WORK ORDER - Where does the word "every" occur in the data below? Copy each line that holds it.

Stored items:
Definition proper_double_splitting (R : rcfType) (m n : nat)
    (A P Rm S : 'M[R]_(m, n)) : Prop :=
  [/\ A = P - Rm + S, same_range A P & same_null A P].

Definition weak_regular_pds (R : rcfType) (m n : nat)
    (A P Rm S : 'M[R]_(m, n)) (Pd : 'M[R]_(n, m)) : Prop :=
  [/\ proper_double_splitting A P Rm S, is_MP_inverse P Pd,
      mx_nonneg Pd, mx_nonneg (Pd *m Rm) & mx_nonneg (- (Pd *m S))].

(* spectral radius: maximum modulus of the (complex) eigenvalues, i.e. of the
   roots of the characteristic polynomial over R[i] *)
Definition spectral_radius (R : rcfType) (n : nat) (A : 'M[R]_n) : R :=
  \big[Num.max/0]_(z <- sval (closed_field_poly_normal
                      (char_poly (map_mx (fun x : R => x%:C) A)))) ComplexField.Normc.normc z.

Definition iter_mx (R : rcfType) (m n : nat)
    (Pd : 'M[R]_(n, m)) (Rm S : 'M[R]_(m, n)) : 'M[R]_(n + n) :=
  block_mx (Pd *m Rm) (- (Pd *m S)) 1%:M 0.

(* For a nonnegative matrix M and r > 0, rho(M) <= r as soon as M x <= r x for
   some positive vector x (Collatz--Wielandt); conversely rho(M) < r yields such
   an x, namely adj(r - M) 1, which is positive for large r and cannot lose
   positivity as r decreases while det(r - M) > 0.  For W = [B C; I 0] with
   B, C >= 0 both conditions read (B + C / r) x <= r x.
   Equal null spaces give P^+ P = A^+ A, so B + C = A^+ A - P^+ A; hence the
   hypotheses give B1 + C1 <= B2 + C2 and C1 <= C2, so B1 + C1 / r <= B2 + C2 / r
   for r <= 1 and every subinvariant vector of W2 is one of W1.  Finally
   u = A^+ 1 + eta 1 satisfies (B + C) u < u, which forces rho(W) < 1. *)

From HB Require Import structures.
From mathcomp Require Import all_boot all_order all_algebra.
From mathcomp Require Import complex polyrcf.
From mathcomp Require Import lra.
Import Order.TTheory GRing.Theory Num.Theory ComplexField.Normc.
Set Implicit Arguments. Unset Strict Implicit. Unset Printing Implicit Defensive.
Local Open Scope ring_scope.
Local Open Scope complex_scope.

Section EntrywiseOrder.
Variable R : rcfType.

Lemma mx_geP m k (X Y : 'M[R]_(m, k)) : mx_ge X Y <-> forall i j, Y i j <= X i j.
Proof.
by split=> XY i j; [have := XY i j; rewrite !mxE subr_ge0 | rewrite !mxE subr_ge0].
Qed.

Lemma ler_wpmulmx2r m k (X Y : 'M[R]_(m, k)) (v : 'cV[R]_k) i :
  mx_ge Y X -> (forall j, 0 <= v j 0) -> (X *m v) i 0 <= (Y *m v) i 0.
Proof.
move=> /mx_geP XY v_ge0; rewrite !mxE; apply: ler_sum => j _.
exact: ler_wpM2r.
Qed.

Lemma ler_wpmulmx2l m k (X : 'M[R]_(m, k)) (v w : 'cV[R]_k) i :
  mx_nonneg X -> (forall j, v j 0 <= w j 0) -> (X *m v) i 0 <= (X *m w) i 0.
Proof. by move=> X_ge0 vw; rewrite !mxE; apply: ler_sum => j _; apply: ler_wpM2l. Qed.

Lemma mulmx_nonneg m k l (X : 'M[R]_(m, k)) (Y : 'M[R]_(k, l)) :
  mx_nonneg X -> mx_nonneg Y -> mx_nonneg (X *m Y).
Proof.
by move=> X_ge0 Y_ge0 i j; rewrite mxE; apply: sumr_ge0 => k' _; apply: mulr_ge0.
Qed.
End EntrywiseOrder.

Section SpectralRadius.
Variable R : rcfType.
Implicit Types (n : nat) (t r : R).

Lemma normc_ge0 (z : R[i]) : 0 <= normc z.
Proof. by case: z => a b; rewrite /normc sqrtr_ge0. Qed.

Lemma normc_real (x : R) : normc x%:C = `|x|.
Proof. by rewrite /normc /= expr0n /= addr0 sqrtr_sqr. Qed.

Lemma normc_sum (I : finType) (f : I -> R[i]) :
  normc (\sum_i f i) <= \sum_i normc (f i).
Proof.
elim/big_ind2: _ => [|a b c d ab cd|//]; first by rewrite normc0.
by apply: le_trans (le_normcD _ _) _; apply: lerD.
Qed.

Local Notation char_poly_C M := (char_poly (map_mx (fun x : R => x%:C) M)).

Lemma spectral_radius_ge0 n (M : 'M[R]_n) : 0 <= spectral_radius M.
Proof. exact: bigmax_ge_id. Qed.

Lemma root_char_polyE n (M : 'M[R]_n) z :
  root (char_poly_C M) z =
  (z \in sval (closed_field_poly_normal (char_poly_C M))).
Proof.
case: closed_field_poly_normal => s /= ->.
rewrite rootZ ?root_prod_XsubC //.
by rewrite lead_coef_eq0 -size_poly_eq0 size_char_poly.
Qed.

Lemma spectral_radius_le n (M : 'M[R]_n) r : 0 <= r ->
  (forall z, root (char_poly_C M) z -> normc z <= r) ->
  spectral_radius M <= r.
Proof.
move=> r_ge0 rootsM; rewrite /spectral_radius big_seq.
by apply: bigmax_le r_ge0 _ => z z_in; apply: rootsM; rewrite root_char_polyE.
Qed.

Lemma normc_root_le_spectral_radius n (M : 'M[R]_n) z :
  root (char_poly_C M) z -> normc z <= spectral_radius M.
Proof. by rewrite root_char_polyE => z_in; exact: le_bigmax_seq. Qed.

Lemma char_poly_gt0 n (M : 'M[R]_n) t :
  spectral_radius M < t -> 0 < (char_poly M).[t].
Proof.
move=> rho_lt_t; have t_ge0 := le_trans (spectral_radius_ge0 M) (ltW rho_lt_t).
have no_root x : t <= x -> ~~ root (char_poly M) x.
  move=> tx; apply: contraTN rho_lt_t => /rootP px0.
  have : root (char_poly_C M) x%:C.
    by rewrite -map_char_poly; apply/rootP; rewrite horner_map /= px0.
  move/normc_root_le_spectral_radius; rewrite normc_real ger0_norm ?(le_trans t_ge0) //.
  by move/(le_trans tx); rewrite leNgt.
have lc_gt0 : 0 < lead_coef (char_poly M) by rewrite (monicP (char_poly_monic M)).
have [T leadT] := poly_pinfty_gt_lc lc_gt0.
rewrite (monicP (char_poly_monic M)) in leadT.
have t_le_maxT : t <= Num.max T t by rewrite le_max lexx orbT.
rewrite ltNge; apply/negP => pt_le0.
have [|x /andP[tx _] px0] := poly_ivt t_le_maxT (p := char_poly M).
  by rewrite pt_le0 (le_trans ler01) // leadT // le_max lexx.
by move: (no_root x tx); rewrite px0.
Qed.

Lemma eigenvector_of_root (F : fieldType) n (M : 'M[F]_n) z :
  root (char_poly M) z -> exists2 w : 'cV[F]_n, M *m w = z *: w & w != 0.
Proof.
have char_poly_tr : char_poly M^T = char_poly M.
  rewrite /char_poly -det_tr; congr (\det _).
  by apply/matrixP => i j; rewrite !mxE eq_sym.
rewrite -char_poly_tr -eigenvalue_root_char => /eigenvalueP [v Mv v_neq0].
exists v^T; last by rewrite trmx_eq0.
by rewrite -(trmxK M) -trmx_mul Mv linearZ.
Qed.

(* Compare an eigenvector [w] with [x] at an index where [|w_i| / x_i] is maximal. *)
Lemma spectral_radius_le_subinvariant n (M : 'M[R]_n) (x : 'cV[R]_n) r :
  mx_nonneg M -> (forall i, 0 < x i 0) -> 0 <= r ->
  (forall i, (M *m x) i 0 <= r * x i 0) -> spectral_radius M <= r.
Proof.
move=> M_ge0 x_gt0 r_ge0 Mx_le; apply: spectral_radius_le => // z.
move=> /eigenvector_of_root [w Mw /eqP w_neq0].
have [i0 wi0_neq0] : exists i, w i 0 != 0.
  apply/existsP; apply: contra_notT w_neq0 => /existsPn w0.
  by apply/matrixP => i j; rewrite (ord1 j) mxE; apply/eqP/negbNE/w0.
pose F i := normc (w i 0) / x i 0.
have [k _ F_le] := arg_maxP F (i0 := i0) isT.
have w_le j : normc (w j 0) <= F k * x j 0 by rewrite -ler_pdivrMr //; exact: F_le.
have wk : normc (w k 0) = F k * x k 0 by rewrite /F mulfVK ?gt_eqF.
have Fk_gt0 : 0 < F k.
  apply: lt_le_trans (F_le i0 isT); rewrite /F divr_gt0 // lt_def normc_ge0.
  by rewrite andbT; apply: contra wi0_neq0 => /eqP/eq0_normc ->.
have wk_gt0 : 0 < normc (w k 0) by rewrite wk mulr_gt0.
rewrite -(ler_pM2r wk_gt0) -normcM.
have -> : z * w k 0 = \sum_j (M k j)%:C * w j 0.
  have := congr1 (fun v : 'cV[R[i]]_n => v k 0) Mw; rewrite !mxE => <-.
  by apply: eq_bigr => j; rewrite mxE.
apply: le_trans (normc_sum _) _.
apply: le_trans (_ : \sum_j M k j * (F k * x j 0) <= _).
  apply: ler_sum => j _; rewrite normcM normc_real ger0_norm //.
  exact: ler_wpM2l.
have -> : \sum_j M k j * (F k * x j 0) = F k * (M *m x) k 0.
  by rewrite mxE mulr_sumr; apply: eq_bigr => j _; rewrite mulrCA.
by rewrite wk mulrCA ler_wpM2l ?(ltW Fk_gt0).
Qed.
End SpectralRadius.

(* At the largest root of [\prod_i p i] in ]a, b[ every [p i] would be >= 0
   (a sign change would give a larger root), hence > 0. *)
Lemma poly_family_gt0 (R : rcfType) (I : finType) (p : I -> {poly R}) a b :
  (forall i, 0 < (p i).[b]) ->
  (forall t, a < t < b -> (forall i, 0 <= (p i).[t]) -> forall i, 0 < (p i).[t]) ->
  forall t, a < t < b -> forall i, 0 < (p i).[t].
Proof.
move=> pb_gt0 ge0_gt0; pose q := \prod_i p i.
have qE t : q.[t] = \prod_i (p i).[t] by rewrite horner_prod.
have pos_below_roots t : a < t < b -> {in `]t, b[, forall x, ~~ root q x} ->
    forall i, 0 < (p i).[t].
  move=> /andP[a_lt_t t_lt_b] noroot_q; apply: ge0_gt0; first by rewrite a_lt_t.
  move=> i; rewrite leNgt; apply/negP => pt_lt0.
  have [|x x_in /rootP px0] := poly_ivtoo (p := p i) (ltW t_lt_b).
    by rewrite pmulr_llt0.
  have /negP[] := noroot_q x x_in.
  by rewrite rootE qE (bigD1 i) //= px0 mul0r.
have q_neq0 : q != 0.
  apply/eqP => q0; have : 0 < \prod_i (p i).[b] by apply: prodr_gt0 => i _.
  by rewrite -qE q0 horner0 ltxx.
case: (prev_rootP q a b) => [/eqP|z _ qz0 z_in noroot_q|c _ _ noroot_q].
- by rewrite (negPf q_neq0).
- move: z_in; rewrite in_itv /= => z_ab.
  have : 0 < \prod_i (p i).[z].
    by apply: prodr_gt0 => i _; exact: pos_below_roots.
  by rewrite -qE qz0 ltxx.
- move=> t /andP[a_lt_t t_lt_b]; apply: pos_below_roots; first by rewrite a_lt_t.
  move=> x; rewrite in_itv /= => /andP[tx xb]; apply: noroot_q.
  by rewrite in_itv /= xb (lt_trans a_lt_t).
Qed.

Section SubinvariantVector.
Variables (R : rcfType) (n : nat) (M : 'M[R]_n).
Hypothesis M_ge0 : mx_nonneg M.

(* [adj_ones t = det (t - M) (t - M)^-1 1], polynomial in [t]. *)
Definition adj_ones (t : R) : 'cV[R]_n := \adj (t%:M - M) *m const_mx 1.

Lemma adj_onesE t i : t * adj_ones t i 0 - (M *m adj_ones t) i 0 = \det (t%:M - M).
Proof.
have := congr1 (fun v : 'cV[R]_n => v i 0)
  (mulmxA (t%:M - M) (\adj (t%:M - M)) (const_mx 1)).
by rewrite mul_mx_adj mul_scalar_mx mulmxBl mul_scalar_mx !mxE mulr1 => ->.
Qed.

Lemma adj_ones_gt0 t : 0 < t -> 0 < \det (t%:M - M) ->
  (forall i, 0 <= adj_ones t i 0) -> forall i, 0 < adj_ones t i 0.
Proof.
move=> t_gt0 det_gt0 y_ge0 i; rewrite -(pmulr_rgt0 _ t_gt0).
rewrite -(subrK ((M *m adj_ones t) i 0) (t * _)) adj_onesE ltr_pwDl // mxE.
by apply: sumr_ge0 => j _; apply: mulr_ge0.
Qed.

Lemma adj_ones_ge0 t : 0 < \det (t%:M - M) -> (forall i, \sum_j M i j < t) ->
  forall i, 0 <= adj_ones t i 0.
Proof.
move=> det_gt0 rows_lt i0.
have [k _ min_k] := arg_minP (fun i => adj_ones t i 0) (i0 := i0) isT.
apply: le_trans (min_k i0 isT); rewrite leNgt; apply/negP => yk_lt0.
have My_ge : (\sum_j M k j) * adj_ones t k 0 <= (M *m adj_ones t) k 0.
  rewrite [X in _ <= X]mxE mulr_suml; apply: ler_sum => j _.
  by apply: ler_wpM2l; [|exact: min_k].
have ty_lt : t * adj_ones t k 0 < (\sum_j M k j) * adj_ones t k 0.
  by rewrite ltr_nM2r.
have := adj_onesE t k; lra.
Qed.

Lemma horner_char_poly_mx t : map_mx (horner_eval t) (char_poly_mx M) = t%:M - M.
Proof.
apply/matrixP => i j.
by rewrite !mxE /horner_eval hornerD hornerN hornerMn hornerX hornerC.
Qed.

Lemma horner_char_poly t : (char_poly M).[t] = \det (t%:M - M).
Proof. by rewrite -[LHS]/(horner_eval t _) -det_map_mx horner_char_poly_mx. Qed.

Definition adj_ones_poly (i : 'I_n) : {poly R} :=
  (\adj (char_poly_mx M) *m (const_mx 1 : 'cV_n)) i 0.

Lemma horner_adj_ones_poly t i : (adj_ones_poly i).[t] = adj_ones t i 0.
Proof.
have -> : (adj_ones_poly i).[t] =
    map_mx (horner_eval t) (\adj (char_poly_mx M) *m (const_mx 1 : 'cV_n)) i 0.
  by rewrite mxE.
rewrite map_mxM map_mx_adj horner_char_poly_mx.
by congr ((_ *m _) i 0); apply/matrixP => k l; rewrite !mxE rmorph1.
Qed.

Lemma subinvariant_of_spectral_radius_lt r : spectral_radius M < r ->
  exists2 y : 'cV[R]_n, forall i, 0 < y i 0 & forall i, (M *m y) i 0 <= r * y i 0.
Proof.
move=> rho_lt_r; have rho_ge0 := spectral_radius_ge0 M.
have det_gt0 t : spectral_radius M < t -> 0 < \det (t%:M - M).
  by rewrite -horner_char_poly; exact: char_poly_gt0.
have M_sum_ge0 : 0 <= \sum_i \sum_j M i j.
  by apply: sumr_ge0 => i _; apply: sumr_ge0.
pose T := r + 1 + \sum_i \sum_j M i j.
have r_lt_T : r < T by rewrite /T; lra.
have rows_lt_T i : \sum_j M i j < T.
  apply: le_lt_trans (_ : \sum_i \sum_j M i j < T); last by rewrite /T; lra.
  by rewrite [leRHS](bigD1 i) //= lerDl; apply: sumr_ge0 => k _; apply: sumr_ge0.
have y_gt0 : forall t, spectral_radius M < t < T ->
    forall i, 0 < (adj_ones_poly i).[t].
  apply: poly_family_gt0 => [i | t /andP[rho_lt_t _] y_ge0 i].
    rewrite horner_adj_ones_poly.
    have rho_lt_T := lt_trans rho_lt_r r_lt_T.
    have det_T := det_gt0 T rho_lt_T.
    apply: (adj_ones_gt0 (le_lt_trans rho_ge0 rho_lt_T) det_T _ i).
    exact: adj_ones_ge0 det_T rows_lt_T.
  rewrite horner_adj_ones_poly.
  apply: adj_ones_gt0 => [||j]; [exact: le_lt_trans rho_ge0 rho_lt_t|exact: det_gt0|].
  by rewrite -horner_adj_ones_poly.
exists (adj_ones r) => i; first by rewrite -horner_adj_ones_poly y_gt0 ?rho_lt_r.
by have := adj_onesE r i; have := det_gt0 r rho_lt_r; lra.
Qed.
End SubinvariantVector.

Section IterationMatrix.
Variables (R : rcfType) (n : nat).
Implicit Types (B C : 'M[R]_n) (x : 'cV[R]_n) (r : R).

Lemma block_iter_nonneg B C : mx_nonneg B -> mx_nonneg C ->
  mx_nonneg (block_mx B C 1%:M 0).
Proof.
move=> B_ge0 C_ge0 i j.
case: (split_ordP i) => {}i ->; case: (split_ordP j) => {}j ->.
- by rewrite block_mxEul.
- by rewrite block_mxEur.
- by rewrite block_mxEdl mxE ler0n.
- by rewrite block_mxEdr mxE.
Qed.

Lemma mul_block_iter_col B C (x1 x2 : 'cV[R]_n) :
  block_mx B C 1%:M 0 *m col_mx x1 x2 = col_mx (B *m x1 + C *m x2) x1.
Proof. by rewrite mul_block_col mul1mx mul0mx addr0. Qed.

(* Test the block matrix against the vector [x; x / r]. *)
Lemma spectral_radius_block_le B C x r :
  mx_nonneg B -> mx_nonneg C -> 0 < r -> (forall i, 0 < x i 0) ->
  (forall i, ((B + r^-1 *: C) *m x) i 0 <= r * x i 0) ->
  spectral_radius (block_mx B C 1%:M 0) <= r.
Proof.
move=> B_ge0 C_ge0 r_gt0 x_gt0 x_sub.
apply: (spectral_radius_le_subinvariant (x := col_mx x (r^-1 *: x))) (ltW r_gt0) _.
- exact: block_iter_nonneg.
- move=> i; case: (split_ordP i) => {}i ->; rewrite ?col_mxEu ?col_mxEd //.
  by rewrite mxE mulr_gt0 ?invr_gt0.
- rewrite mul_block_iter_col => i; case: (split_ordP i) => {}i ->.
    by rewrite !col_mxEu -scalemxAr scalemxAl -mulmxDl.
  by rewrite !col_mxEd mxE mulrA mulfV ?gt_eqF ?mul1r.
Qed.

REPLY TO THE EXERCISE -
   for r <= 1 and every subinvariant vector of W2 is one of W1.  Finally
(* At the largest root of [\prod_i p i] in ]a, b[ every [p i] would be >= 0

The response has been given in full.